"""
(* Let $n\in\mathbb{N}$ and let $k=k(n)$ be a positive integer with $k(n)\to\infty$ as $n\to\infty$. Generate $n$ binary strings $\mathbf{s}_1,\dots,\mathbf{s}_n$, each of length $k$, independently and uniformly at random. For a fixed $i$ and each $j\neq i$, let $X_{ij}$ be the number of bits of $\mathbf{s}_j$ read when $\mathbf{s}_j$ is compared with $\mathbf{s}_i$ by reading bit-by-bit from left to right until the first position where $\mathbf{s}_j$ differs from $\mathbf{s}_i$ (inclusive of that position); if $\mathbf{s}_j=\mathbf{s}_i$ then all $k$ bits are read. Let $X_i=\sum_{j\neq i}X_{ij}$ and $X=\max_i X_i$. Then $X\lesssim 2n$, i.e. for all $\varepsilon_1,\varepsilon_2>0$ and all sufficiently large $n$, $\mathbb{P}\left(\frac{X}{2n}<1+\varepsilon_1\right)>1-\varepsilon_2$. *)

From HB Require Import structures.
From mathcomp Require Import all_boot all_order all_algebra.
From mathcomp Require Import reals.
Set Implicit Arguments. Unset Strict Implicit. Unset Printing Implicit Defensive.
Import Order.TTheory GRing.Theory Num.Theory.

Definition bstring (k : nat) := {ffun 'I_k -> bool}.

Definition cmp_cost (k : nat) (a b : bstring k) : nat :=
  if a == b then k else (find (fun p : 'I_k => a p != b p) (enum 'I_k)).+1.

Definition Xi (n k : nat) (s : {ffun 'I_n -> bstring k}) (i : 'I_n) : nat :=
  \sum_(j < n | j != i) cmp_cost (s i) (s j).

Definition Xmax (n k : nat) (s : {ffun 'I_n -> bstring k}) : nat :=
  \max_(i < n) Xi s i.

Definition unif_prob (R : realType) (n k : nat)
    (E : {ffun 'I_n -> bstring k} -> bool) : R :=
  (#|[set s | E s]|%:R / #|{: {ffun 'I_n -> bstring k}}|%:R)%R.

(* For a fixed string a, X_ab > t forces b to agree with a on its first t bits,
   an event of probability 2^-t; hence E[d^X_ab] <= d/(2-d) for 1 <= d < 2.
   Given s_i the costs X_ij are independent, so with d = c^q Markov's inequality
   gives P(q X_i >= (2q+1) n) <= (d/(2-d))^(n-1) / c^((2q+1) n). For c > 1 close
   enough to 1 that c^(q+1) (2 - c^q) > 1 this decays geometrically in n, so a
   union bound over i shows X < (2 + 1/q) n with probability tending to 1; it
   remains to take q with 1/q <= 2 eps1. *)

From HB Require Import structures.
From mathcomp Require Import all_boot all_order all_algebra.
From mathcomp Require Import reals.
From mathcomp Require Import ring lra.
Import Order.TTheory GRing.Theory Num.Theory.
Set Implicit Arguments. Unset Strict Implicit.

Section Strings.
Variable k : nat.
Implicit Types (a b : bstring k) (t : nat).

Lemma card_bstring : #|bstring k| = (2 ^ k)%N.
Proof. by rewrite card_ffun card_bool card_ord. Qed.

Definition prefix_eq t a b := [forall p : 'I_k, (p < t)%N ==> (a p == b p)].

Lemma cmp_cost_le a b : (cmp_cost a b <= k)%N.
Proof.
rewrite /cmp_cost; case: eqP => // /eqP neq_ab.
have [p] : exists p, a p != b p.
  by apply/existsP; rewrite -negb_forall; apply: contra neq_ab => /forallP eq_ab;
     apply/eqP/ffunP => p; apply/eqP.
move=> ab_p; have := has_find (fun p => a p != b p) (enum 'I_k).
by rewrite size_enum_ord => <-; apply/hasP; exists p; rewrite ?mem_enum.
Qed.

Lemma prefix_eq_cmp_cost a b t : (t < cmp_cost a b)%N -> prefix_eq t a b.
Proof.
rewrite /cmp_cost /prefix_eq; case: eqP => [-> _|_ t_lt].
  by apply/forallP => p; apply/implyP.
apply/forallP => p; apply/implyP => p_lt_t.
have := @before_find _ p (fun p => a p != b p) (enum 'I_k) p (leq_trans p_lt_t t_lt).
by rewrite nth_ord_enum => /negbFE.
Qed.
"""
# BRIEF
The whole listing must be reproduced exactly. Do not skip a line.

# EXPECTED ANSWER
(* Let $n\in\mathbb{N}$ and let $k=k(n)$ be a positive integer with $k(n)\to\infty$ as $n\to\infty$. Generate $n$ binary strings $\mathbf{s}_1,\dots,\mathbf{s}_n$, each of length $k$, independently and uniformly at random. For a fixed $i$ and each $j\neq i$, let $X_{ij}$ be the number of bits of $\mathbf{s}_j$ read when $\mathbf{s}_j$ is compared with $\mathbf{s}_i$ by reading bit-by-bit from left to right until the first position where $\mathbf{s}_j$ differs from $\mathbf{s}_i$ (inclusive of that position); if $\mathbf{s}_j=\mathbf{s}_i$ then all $k$ bits are read. Let $X_i=\sum_{j\neq i}X_{ij}$ and $X=\max_i X_i$. Then $X\lesssim 2n$, i.e. for all $\varepsilon_1,\varepsilon_2>0$ and all sufficiently large $n$, $\mathbb{P}\left(\frac{X}{2n}<1+\varepsilon_1\right)>1-\varepsilon_2$. *)

From HB Require Import structures.
From mathcomp Require Import all_boot all_order all_algebra.
From mathcomp Require Import reals.
Set Implicit Arguments. Unset Strict Implicit. Unset Printing Implicit Defensive.
Import Order.TTheory GRing.Theory Num.Theory.

Definition bstring (k : nat) := {ffun 'I_k -> bool}.

Definition cmp_cost (k : nat) (a b : bstring k) : nat :=
  if a == b then k else (find (fun p : 'I_k => a p != b p) (enum 'I_k)).+1.

Definition Xi (n k : nat) (s : {ffun 'I_n -> bstring k}) (i : 'I_n) : nat :=
  \sum_(j < n | j != i) cmp_cost (s i) (s j).

Definition Xmax (n k : nat) (s : {ffun 'I_n -> bstring k}) : nat :=
  \max_(i < n) Xi s i.

Definition unif_prob (R : realType) (n k : nat)
    (E : {ffun 'I_n -> bstring k} -> bool) : R :=
  (#|[set s | E s]|%:R / #|{: {ffun 'I_n -> bstring k}}|%:R)%R.

(* For a fixed string a, X_ab > t forces b to agree with a on its first t bits,
   an event of probability 2^-t; hence E[d^X_ab] <= d/(2-d) for 1 <= d < 2.
   Given s_i the costs X_ij are independent, so with d = c^q Markov's inequality
   gives P(q X_i >= (2q+1) n) <= (d/(2-d))^(n-1) / c^((2q+1) n). For c > 1 close
   enough to 1 that c^(q+1) (2 - c^q) > 1 this decays geometrically in n, so a
   union bound over i shows X < (2 + 1/q) n with probability tending to 1; it
   remains to take q with 1/q <= 2 eps1. *)

From HB Require Import structures.
From mathcomp Require Import all_boot all_order all_algebra.
From mathcomp Require Import reals.
From mathcomp Require Import ring lra.
Import Order.TTheory GRing.Theory Num.Theory.
Set Implicit Arguments. Unset Strict Implicit.

Section Strings.
Variable k : nat.
Implicit Types (a b : bstring k) (t : nat).

Lemma card_bstring : #|bstring k| = (2 ^ k)%N.
Proof. by rewrite card_ffun card_bool card_ord. Qed.

Definition prefix_eq t a b := [forall p : 'I_k, (p < t)%N ==> (a p == b p)].

Lemma cmp_cost_le a b : (cmp_cost a b <= k)%N.
Proof.
rewrite /cmp_cost; case: eqP => // /eqP neq_ab.
have [p] : exists p, a p != b p.
  by apply/existsP; rewrite -negb_forall; apply: contra neq_ab => /forallP eq_ab;
     apply/eqP/ffunP => p; apply/eqP.
move=> ab_p; have := has_find (fun p => a p != b p) (enum 'I_k).
by rewrite size_enum_ord => <-; apply/hasP; exists p; rewrite ?mem_enum.
Qed.

Lemma prefix_eq_cmp_cost a b t : (t < cmp_cost a b)%N -> prefix_eq t a b.
Proof.
rewrite /cmp_cost /prefix_eq; case: eqP => [-> _|_ t_lt].
  by apply/forallP => p; apply/implyP.
apply/forallP => p; apply/implyP => p_lt_t.
have := @before_find _ p (fun p => a p != b p) (enum 'I_k) p (leq_trans p_lt_t t_lt).
by rewrite nth_ord_enum => /negbFE.
Qed.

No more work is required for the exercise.